■ **ASSIGNMENT**: Copy out exactly the lines below that run from the one holding "Lemma bonferroni (T" to the one holding "Lemma s_ge2 : (2", keeping both of those lines and no others.

■ **DATA EXTRACTS**:
-- Opening Marker --

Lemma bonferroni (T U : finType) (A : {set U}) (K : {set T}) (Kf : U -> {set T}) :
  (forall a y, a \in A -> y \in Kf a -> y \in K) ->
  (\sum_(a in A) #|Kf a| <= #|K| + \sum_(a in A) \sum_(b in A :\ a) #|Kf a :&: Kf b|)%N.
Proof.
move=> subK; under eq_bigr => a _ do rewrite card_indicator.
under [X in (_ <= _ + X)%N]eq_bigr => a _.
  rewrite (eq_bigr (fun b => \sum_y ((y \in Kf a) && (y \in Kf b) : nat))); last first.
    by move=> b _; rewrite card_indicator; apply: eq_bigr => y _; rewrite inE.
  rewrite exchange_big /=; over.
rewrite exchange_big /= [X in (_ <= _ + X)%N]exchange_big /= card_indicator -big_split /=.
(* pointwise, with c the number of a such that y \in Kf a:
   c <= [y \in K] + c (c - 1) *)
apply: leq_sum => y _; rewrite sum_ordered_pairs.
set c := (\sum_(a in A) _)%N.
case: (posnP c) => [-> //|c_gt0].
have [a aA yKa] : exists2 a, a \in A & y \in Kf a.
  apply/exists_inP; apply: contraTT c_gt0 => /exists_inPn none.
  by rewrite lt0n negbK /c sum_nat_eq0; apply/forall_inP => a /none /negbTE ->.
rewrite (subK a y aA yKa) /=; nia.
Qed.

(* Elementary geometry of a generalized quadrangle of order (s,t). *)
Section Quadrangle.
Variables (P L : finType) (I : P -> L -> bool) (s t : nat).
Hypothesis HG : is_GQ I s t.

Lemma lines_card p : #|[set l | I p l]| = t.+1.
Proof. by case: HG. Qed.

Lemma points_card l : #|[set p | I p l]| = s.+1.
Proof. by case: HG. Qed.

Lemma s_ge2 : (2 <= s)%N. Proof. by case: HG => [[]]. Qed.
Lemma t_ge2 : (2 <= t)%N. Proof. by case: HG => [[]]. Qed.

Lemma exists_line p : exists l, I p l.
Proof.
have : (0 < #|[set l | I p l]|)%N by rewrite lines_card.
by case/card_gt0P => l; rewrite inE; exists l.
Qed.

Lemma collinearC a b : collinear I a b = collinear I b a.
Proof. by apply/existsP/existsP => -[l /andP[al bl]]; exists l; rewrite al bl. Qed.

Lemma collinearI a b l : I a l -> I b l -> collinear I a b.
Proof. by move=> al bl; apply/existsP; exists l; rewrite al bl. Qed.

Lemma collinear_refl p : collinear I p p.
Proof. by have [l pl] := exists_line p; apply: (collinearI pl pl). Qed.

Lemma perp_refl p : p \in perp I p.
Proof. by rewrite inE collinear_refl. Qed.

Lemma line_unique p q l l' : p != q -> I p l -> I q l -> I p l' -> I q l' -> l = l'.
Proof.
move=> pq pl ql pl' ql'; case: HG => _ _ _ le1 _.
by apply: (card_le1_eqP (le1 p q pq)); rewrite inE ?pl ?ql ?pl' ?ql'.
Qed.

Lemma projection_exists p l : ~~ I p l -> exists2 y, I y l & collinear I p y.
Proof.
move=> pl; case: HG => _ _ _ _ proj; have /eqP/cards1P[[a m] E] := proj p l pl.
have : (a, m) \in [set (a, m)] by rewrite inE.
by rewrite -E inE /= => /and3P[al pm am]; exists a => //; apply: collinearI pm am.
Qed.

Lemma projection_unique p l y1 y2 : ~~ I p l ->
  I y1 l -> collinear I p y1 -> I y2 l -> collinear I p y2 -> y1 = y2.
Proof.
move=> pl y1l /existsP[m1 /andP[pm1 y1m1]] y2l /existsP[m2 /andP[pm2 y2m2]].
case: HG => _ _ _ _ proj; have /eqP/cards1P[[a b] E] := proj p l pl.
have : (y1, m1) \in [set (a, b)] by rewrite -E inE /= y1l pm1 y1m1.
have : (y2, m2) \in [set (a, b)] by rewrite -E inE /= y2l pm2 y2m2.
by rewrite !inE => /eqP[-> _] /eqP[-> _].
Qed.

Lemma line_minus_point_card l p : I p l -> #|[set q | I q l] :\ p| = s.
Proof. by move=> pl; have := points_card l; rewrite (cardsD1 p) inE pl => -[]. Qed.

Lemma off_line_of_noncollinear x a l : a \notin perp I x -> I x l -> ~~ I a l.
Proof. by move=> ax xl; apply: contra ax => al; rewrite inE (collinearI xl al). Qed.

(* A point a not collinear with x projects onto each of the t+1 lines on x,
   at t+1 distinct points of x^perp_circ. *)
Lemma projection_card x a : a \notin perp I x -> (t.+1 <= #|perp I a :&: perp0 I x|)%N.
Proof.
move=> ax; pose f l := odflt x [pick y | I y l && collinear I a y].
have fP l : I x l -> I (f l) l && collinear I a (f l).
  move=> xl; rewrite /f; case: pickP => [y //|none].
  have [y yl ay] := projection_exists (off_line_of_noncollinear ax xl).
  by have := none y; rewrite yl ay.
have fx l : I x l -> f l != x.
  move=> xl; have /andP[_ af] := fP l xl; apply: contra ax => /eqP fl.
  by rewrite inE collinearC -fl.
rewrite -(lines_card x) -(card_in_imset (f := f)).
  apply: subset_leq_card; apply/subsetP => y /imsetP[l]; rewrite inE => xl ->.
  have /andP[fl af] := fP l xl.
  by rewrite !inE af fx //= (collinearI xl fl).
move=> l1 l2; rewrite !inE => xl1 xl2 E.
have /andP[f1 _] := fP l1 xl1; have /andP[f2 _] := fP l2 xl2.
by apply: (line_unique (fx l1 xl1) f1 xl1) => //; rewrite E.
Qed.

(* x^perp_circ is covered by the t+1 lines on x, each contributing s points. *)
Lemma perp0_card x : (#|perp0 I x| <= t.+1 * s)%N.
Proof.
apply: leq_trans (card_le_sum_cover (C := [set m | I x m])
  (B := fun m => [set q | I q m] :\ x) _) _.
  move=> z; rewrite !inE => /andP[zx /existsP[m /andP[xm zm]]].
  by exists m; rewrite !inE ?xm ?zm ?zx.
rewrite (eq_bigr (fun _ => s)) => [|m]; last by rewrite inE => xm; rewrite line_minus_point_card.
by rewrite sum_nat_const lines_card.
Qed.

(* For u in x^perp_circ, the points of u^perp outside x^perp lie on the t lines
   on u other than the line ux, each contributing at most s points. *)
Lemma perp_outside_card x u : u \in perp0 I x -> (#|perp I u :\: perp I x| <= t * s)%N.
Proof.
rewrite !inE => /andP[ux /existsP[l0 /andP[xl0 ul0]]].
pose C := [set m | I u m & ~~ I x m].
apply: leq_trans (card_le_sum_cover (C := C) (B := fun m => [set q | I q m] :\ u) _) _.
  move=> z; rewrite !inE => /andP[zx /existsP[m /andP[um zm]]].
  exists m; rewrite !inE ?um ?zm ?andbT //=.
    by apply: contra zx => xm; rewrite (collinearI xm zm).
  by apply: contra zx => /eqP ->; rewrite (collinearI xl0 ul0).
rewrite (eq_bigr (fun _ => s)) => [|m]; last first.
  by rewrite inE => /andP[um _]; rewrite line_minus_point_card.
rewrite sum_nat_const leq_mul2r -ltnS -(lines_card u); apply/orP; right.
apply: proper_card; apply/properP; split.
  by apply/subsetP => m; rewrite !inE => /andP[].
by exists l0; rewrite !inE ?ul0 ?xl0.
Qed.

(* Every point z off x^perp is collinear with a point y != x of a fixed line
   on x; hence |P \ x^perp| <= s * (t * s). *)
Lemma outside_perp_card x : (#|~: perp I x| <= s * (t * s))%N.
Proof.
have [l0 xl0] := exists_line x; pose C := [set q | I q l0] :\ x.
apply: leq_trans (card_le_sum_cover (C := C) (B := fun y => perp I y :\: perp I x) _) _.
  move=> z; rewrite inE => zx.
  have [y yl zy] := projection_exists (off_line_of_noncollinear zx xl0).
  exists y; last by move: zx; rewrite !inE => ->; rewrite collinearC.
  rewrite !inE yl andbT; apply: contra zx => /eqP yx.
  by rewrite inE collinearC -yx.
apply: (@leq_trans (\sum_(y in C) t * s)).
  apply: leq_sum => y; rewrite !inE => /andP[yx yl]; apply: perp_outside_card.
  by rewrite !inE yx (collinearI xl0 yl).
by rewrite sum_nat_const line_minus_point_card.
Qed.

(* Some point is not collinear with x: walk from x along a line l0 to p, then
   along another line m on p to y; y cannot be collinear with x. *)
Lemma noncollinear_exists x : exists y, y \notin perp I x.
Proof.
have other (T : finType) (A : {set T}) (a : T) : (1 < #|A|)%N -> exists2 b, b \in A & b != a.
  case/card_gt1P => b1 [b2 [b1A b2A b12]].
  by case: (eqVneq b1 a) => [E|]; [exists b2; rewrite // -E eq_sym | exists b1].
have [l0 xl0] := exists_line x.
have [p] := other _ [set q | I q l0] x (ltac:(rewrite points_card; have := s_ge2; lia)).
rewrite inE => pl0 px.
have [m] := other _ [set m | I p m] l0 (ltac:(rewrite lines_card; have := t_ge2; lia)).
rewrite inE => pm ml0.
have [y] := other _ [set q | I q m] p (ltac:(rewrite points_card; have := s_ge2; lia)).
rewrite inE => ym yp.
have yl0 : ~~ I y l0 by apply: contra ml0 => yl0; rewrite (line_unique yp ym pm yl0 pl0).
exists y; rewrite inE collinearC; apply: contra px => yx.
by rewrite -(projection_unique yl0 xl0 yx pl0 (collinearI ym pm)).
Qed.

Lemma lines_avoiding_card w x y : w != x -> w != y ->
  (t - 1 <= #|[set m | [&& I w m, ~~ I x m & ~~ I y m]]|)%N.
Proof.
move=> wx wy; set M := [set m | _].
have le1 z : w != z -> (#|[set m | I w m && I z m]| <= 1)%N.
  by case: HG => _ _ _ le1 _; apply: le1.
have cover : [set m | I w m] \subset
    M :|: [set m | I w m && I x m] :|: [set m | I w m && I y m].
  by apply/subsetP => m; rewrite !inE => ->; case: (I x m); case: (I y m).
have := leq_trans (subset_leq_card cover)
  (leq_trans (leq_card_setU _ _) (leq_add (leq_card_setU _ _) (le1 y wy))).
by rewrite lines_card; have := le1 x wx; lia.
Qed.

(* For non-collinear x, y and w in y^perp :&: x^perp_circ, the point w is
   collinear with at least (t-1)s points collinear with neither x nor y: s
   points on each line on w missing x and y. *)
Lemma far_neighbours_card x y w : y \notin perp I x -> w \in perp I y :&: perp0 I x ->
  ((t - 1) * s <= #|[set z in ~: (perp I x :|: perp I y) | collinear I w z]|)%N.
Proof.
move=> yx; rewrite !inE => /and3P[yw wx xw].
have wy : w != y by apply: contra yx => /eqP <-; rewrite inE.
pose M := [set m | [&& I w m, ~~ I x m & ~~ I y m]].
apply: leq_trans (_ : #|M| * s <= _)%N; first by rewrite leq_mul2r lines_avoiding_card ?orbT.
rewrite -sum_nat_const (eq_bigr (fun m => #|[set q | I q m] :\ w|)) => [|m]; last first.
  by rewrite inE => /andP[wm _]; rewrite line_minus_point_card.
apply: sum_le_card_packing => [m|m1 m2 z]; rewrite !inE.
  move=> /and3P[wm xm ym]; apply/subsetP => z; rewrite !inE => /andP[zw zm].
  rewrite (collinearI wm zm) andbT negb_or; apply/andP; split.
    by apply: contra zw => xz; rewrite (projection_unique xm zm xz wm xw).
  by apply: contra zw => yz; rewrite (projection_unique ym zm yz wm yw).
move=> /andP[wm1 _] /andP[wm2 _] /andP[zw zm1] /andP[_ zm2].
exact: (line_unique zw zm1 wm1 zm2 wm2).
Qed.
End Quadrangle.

-- Closing Marker --
-- Opening Marker --

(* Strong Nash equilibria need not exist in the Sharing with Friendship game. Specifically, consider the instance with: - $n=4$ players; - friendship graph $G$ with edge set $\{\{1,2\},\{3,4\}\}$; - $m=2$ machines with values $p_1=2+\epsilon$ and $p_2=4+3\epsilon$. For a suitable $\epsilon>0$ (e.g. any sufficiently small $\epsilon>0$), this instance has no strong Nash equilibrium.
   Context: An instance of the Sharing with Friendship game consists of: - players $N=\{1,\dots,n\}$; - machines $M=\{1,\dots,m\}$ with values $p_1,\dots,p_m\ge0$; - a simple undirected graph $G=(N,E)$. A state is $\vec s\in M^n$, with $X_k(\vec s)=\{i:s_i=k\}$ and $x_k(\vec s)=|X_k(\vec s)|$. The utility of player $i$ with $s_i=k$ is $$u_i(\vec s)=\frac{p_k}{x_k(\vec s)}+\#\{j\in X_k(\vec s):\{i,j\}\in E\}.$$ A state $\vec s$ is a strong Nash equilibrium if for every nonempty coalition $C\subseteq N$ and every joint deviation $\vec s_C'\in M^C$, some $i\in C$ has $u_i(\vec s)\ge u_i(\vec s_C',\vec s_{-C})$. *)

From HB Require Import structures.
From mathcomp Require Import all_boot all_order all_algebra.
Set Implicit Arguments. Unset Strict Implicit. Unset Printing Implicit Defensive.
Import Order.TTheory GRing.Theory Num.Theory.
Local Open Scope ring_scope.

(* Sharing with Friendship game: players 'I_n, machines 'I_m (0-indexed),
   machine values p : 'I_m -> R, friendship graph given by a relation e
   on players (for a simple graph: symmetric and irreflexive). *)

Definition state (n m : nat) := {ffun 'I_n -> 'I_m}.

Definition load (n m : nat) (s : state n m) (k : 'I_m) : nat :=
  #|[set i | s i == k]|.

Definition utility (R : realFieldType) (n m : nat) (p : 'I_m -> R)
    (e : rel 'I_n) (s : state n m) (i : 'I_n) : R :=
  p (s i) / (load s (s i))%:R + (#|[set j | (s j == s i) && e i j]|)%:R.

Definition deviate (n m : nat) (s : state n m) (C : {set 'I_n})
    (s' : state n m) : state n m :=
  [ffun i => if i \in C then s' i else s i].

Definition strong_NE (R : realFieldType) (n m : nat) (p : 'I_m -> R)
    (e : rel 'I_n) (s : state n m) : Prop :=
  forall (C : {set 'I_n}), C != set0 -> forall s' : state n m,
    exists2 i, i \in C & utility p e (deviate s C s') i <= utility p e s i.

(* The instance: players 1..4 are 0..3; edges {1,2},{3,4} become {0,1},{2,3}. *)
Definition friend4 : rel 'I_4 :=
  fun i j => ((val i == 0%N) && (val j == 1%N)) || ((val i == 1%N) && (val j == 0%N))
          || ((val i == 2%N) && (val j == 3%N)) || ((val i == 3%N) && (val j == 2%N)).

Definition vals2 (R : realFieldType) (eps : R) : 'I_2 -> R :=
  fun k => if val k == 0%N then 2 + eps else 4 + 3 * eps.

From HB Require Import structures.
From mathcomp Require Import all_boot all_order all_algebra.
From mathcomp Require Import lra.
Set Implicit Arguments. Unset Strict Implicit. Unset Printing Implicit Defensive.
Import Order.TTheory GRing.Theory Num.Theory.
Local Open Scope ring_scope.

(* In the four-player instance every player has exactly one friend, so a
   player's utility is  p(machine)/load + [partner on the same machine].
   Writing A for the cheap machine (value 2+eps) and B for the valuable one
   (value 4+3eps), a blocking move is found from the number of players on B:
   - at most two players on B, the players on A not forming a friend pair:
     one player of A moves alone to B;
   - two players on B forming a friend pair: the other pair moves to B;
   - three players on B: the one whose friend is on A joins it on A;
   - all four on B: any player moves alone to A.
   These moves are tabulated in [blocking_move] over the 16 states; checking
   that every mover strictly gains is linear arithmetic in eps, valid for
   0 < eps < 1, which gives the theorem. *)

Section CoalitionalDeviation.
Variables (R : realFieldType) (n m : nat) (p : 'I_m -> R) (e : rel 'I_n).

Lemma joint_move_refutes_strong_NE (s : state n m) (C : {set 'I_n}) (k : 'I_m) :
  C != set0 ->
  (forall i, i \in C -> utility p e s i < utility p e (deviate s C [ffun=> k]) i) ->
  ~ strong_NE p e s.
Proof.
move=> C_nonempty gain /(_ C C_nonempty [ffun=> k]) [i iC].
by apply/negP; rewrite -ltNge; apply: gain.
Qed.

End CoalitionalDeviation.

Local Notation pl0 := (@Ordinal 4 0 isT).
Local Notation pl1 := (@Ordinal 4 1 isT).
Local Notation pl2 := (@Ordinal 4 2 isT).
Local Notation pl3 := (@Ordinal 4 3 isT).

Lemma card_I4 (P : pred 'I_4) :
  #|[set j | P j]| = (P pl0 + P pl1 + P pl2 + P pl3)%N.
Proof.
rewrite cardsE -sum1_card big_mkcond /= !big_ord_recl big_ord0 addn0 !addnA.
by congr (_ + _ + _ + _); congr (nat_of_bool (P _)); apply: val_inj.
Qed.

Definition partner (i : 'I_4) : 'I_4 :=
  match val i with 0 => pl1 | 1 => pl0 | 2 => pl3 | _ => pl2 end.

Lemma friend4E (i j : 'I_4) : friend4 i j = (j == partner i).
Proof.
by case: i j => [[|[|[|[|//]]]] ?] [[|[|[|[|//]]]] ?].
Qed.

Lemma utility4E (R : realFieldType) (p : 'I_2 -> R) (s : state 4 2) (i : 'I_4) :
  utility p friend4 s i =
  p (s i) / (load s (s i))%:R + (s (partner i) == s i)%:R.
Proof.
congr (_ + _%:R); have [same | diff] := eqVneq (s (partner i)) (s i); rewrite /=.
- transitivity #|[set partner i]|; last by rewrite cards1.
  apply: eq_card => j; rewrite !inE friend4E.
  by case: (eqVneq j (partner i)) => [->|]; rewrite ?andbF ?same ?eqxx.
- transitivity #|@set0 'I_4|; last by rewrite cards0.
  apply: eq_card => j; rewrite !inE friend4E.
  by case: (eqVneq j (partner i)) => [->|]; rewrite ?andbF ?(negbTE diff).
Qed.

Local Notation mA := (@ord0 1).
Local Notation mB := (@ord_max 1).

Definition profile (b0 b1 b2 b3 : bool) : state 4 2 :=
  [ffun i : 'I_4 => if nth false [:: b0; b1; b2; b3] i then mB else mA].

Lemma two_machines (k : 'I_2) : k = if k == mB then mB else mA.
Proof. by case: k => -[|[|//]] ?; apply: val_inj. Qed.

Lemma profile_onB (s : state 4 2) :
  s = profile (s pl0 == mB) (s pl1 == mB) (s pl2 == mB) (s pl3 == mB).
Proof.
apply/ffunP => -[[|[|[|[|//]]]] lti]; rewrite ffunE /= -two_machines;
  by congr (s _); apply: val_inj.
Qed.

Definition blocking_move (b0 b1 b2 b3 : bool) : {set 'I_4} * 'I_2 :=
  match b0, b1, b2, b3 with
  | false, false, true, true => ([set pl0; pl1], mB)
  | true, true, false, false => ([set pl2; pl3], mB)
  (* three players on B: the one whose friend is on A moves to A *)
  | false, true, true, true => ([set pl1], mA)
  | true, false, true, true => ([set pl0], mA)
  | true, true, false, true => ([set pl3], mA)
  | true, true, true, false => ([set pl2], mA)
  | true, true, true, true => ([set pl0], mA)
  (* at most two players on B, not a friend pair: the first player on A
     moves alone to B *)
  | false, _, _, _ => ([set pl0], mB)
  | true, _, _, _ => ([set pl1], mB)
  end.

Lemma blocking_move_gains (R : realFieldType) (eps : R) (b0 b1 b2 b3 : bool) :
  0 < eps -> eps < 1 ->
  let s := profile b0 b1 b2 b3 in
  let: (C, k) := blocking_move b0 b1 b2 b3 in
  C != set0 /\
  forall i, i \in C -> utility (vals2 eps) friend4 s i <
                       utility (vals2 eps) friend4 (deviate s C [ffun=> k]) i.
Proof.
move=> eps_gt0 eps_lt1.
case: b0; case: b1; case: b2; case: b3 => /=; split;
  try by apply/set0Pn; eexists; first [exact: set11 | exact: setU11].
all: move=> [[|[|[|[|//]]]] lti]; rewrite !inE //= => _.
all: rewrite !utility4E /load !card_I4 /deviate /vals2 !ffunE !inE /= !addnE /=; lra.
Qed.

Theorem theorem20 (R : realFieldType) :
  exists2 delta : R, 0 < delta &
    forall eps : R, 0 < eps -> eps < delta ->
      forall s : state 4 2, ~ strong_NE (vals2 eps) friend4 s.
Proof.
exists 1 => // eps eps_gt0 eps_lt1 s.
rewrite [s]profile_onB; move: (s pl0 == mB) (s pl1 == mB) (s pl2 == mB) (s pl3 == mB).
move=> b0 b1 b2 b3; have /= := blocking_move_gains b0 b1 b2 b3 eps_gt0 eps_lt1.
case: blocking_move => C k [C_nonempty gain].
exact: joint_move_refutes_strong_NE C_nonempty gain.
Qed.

-- Closing Marker --

■ **TASK ANSWER**:
Lemma bonferroni (T U : finType) (A : {set U}) (K : {set T}) (Kf : U -> {set T}) :
  (forall a y, a \in A -> y \in Kf a -> y \in K) ->
  (\sum_(a in A) #|Kf a| <= #|K| + \sum_(a in A) \sum_(b in A :\ a) #|Kf a :&: Kf b|)%N.
Proof.
move=> subK; under eq_bigr => a _ do rewrite card_indicator.
under [X in (_ <= _ + X)%N]eq_bigr => a _.
  rewrite (eq_bigr (fun b => \sum_y ((y \in Kf a) && (y \in Kf b) : nat))); last first.
    by move=> b _; rewrite card_indicator; apply: eq_bigr => y _; rewrite inE.
  rewrite exchange_big /=; over.
rewrite exchange_big /= [X in (_ <= _ + X)%N]exchange_big /= card_indicator -big_split /=.
(* pointwise, with c the number of a such that y \in Kf a:
   c <= [y \in K] + c (c - 1) *)
apply: leq_sum => y _; rewrite sum_ordered_pairs.
set c := (\sum_(a in A) _)%N.
case: (posnP c) => [-> //|c_gt0].
have [a aA yKa] : exists2 a, a \in A & y \in Kf a.
  apply/exists_inP; apply: contraTT c_gt0 => /exists_inPn none.
  by rewrite lt0n negbK /c sum_nat_eq0; apply/forall_inP => a /none /negbTE ->.
rewrite (subK a y aA yKa) /=; nia.
Qed.

(* Elementary geometry of a generalized quadrangle of order (s,t). *)
Section Quadrangle.
Variables (P L : finType) (I : P -> L -> bool) (s t : nat).
Hypothesis HG : is_GQ I s t.

Lemma lines_card p : #|[set l | I p l]| = t.+1.
Proof. by case: HG. Qed.

Lemma points_card l : #|[set p | I p l]| = s.+1.
Proof. by case: HG. Qed.

Lemma s_ge2 : (2 <= s)%N. Proof. by case: HG => [[]]. Qed.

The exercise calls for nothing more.